⟨

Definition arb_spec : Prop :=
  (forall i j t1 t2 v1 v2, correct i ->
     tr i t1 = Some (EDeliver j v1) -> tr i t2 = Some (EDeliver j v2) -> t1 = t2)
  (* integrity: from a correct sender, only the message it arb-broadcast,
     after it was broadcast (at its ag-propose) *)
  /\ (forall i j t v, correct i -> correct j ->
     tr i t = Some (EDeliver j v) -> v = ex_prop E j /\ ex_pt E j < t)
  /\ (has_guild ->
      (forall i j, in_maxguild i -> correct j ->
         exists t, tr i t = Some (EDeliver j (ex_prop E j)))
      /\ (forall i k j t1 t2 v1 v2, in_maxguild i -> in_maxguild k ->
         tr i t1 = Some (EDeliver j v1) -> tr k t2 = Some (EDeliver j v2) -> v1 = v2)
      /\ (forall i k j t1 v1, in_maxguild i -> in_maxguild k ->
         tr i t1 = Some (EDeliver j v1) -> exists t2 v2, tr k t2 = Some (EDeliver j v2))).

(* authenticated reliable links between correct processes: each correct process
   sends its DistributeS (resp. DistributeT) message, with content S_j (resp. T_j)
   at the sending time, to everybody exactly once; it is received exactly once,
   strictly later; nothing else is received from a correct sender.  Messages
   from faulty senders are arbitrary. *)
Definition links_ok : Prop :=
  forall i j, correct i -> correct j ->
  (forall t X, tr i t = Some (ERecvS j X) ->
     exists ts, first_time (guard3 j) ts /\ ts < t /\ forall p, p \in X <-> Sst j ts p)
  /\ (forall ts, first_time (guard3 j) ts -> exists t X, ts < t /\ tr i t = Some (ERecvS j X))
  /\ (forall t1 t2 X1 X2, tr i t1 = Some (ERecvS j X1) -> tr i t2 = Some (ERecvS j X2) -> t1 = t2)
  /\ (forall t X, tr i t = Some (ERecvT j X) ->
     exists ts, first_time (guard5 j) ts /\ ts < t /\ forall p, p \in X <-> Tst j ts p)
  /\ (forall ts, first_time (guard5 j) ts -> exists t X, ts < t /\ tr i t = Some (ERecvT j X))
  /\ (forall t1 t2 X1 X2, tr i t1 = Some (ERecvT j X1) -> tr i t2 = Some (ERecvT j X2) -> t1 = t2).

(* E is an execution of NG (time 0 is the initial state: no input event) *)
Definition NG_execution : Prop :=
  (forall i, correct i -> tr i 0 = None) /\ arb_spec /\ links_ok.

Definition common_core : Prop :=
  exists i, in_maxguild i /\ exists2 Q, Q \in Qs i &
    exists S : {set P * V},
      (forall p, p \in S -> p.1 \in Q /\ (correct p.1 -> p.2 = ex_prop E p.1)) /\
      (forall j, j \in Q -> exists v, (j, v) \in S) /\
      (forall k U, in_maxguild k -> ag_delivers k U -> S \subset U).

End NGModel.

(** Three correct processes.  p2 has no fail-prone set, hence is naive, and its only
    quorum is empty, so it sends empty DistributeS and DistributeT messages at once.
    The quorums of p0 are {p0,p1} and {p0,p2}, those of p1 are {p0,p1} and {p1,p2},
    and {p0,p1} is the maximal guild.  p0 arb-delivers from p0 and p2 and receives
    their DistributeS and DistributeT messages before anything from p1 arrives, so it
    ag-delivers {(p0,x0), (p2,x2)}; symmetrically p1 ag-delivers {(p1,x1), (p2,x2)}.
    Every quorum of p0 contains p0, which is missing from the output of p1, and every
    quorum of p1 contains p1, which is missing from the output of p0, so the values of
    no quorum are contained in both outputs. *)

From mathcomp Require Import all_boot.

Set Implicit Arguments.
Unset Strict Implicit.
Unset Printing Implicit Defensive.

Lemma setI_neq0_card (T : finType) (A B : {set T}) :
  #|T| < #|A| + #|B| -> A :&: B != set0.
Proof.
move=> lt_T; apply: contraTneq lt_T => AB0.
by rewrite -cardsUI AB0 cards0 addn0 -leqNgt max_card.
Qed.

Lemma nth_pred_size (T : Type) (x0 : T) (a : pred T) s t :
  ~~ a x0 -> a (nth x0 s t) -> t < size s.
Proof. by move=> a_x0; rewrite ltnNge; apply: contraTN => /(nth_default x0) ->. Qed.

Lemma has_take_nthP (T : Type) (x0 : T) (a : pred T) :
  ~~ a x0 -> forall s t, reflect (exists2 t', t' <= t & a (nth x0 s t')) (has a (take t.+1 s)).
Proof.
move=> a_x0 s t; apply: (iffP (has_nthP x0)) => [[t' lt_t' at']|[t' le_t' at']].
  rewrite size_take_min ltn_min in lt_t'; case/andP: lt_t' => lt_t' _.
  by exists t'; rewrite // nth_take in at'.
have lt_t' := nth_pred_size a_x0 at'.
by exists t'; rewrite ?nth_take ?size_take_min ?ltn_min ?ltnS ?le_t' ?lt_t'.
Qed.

⟩

EXERCISE OBJECTIVE |
After locating the line with "have lt_t' := nth_pred_size a_x0 at'.", please repeat it and every line after it exactly, through the end of the data above.

THE COMPLETED TASK |
have lt_t' := nth_pred_size a_x0 at'.
by exists t'; rewrite ?nth_take ?size_take_min ?ltn_min ?ltnS ?le_t' ?lt_t'.
Qed.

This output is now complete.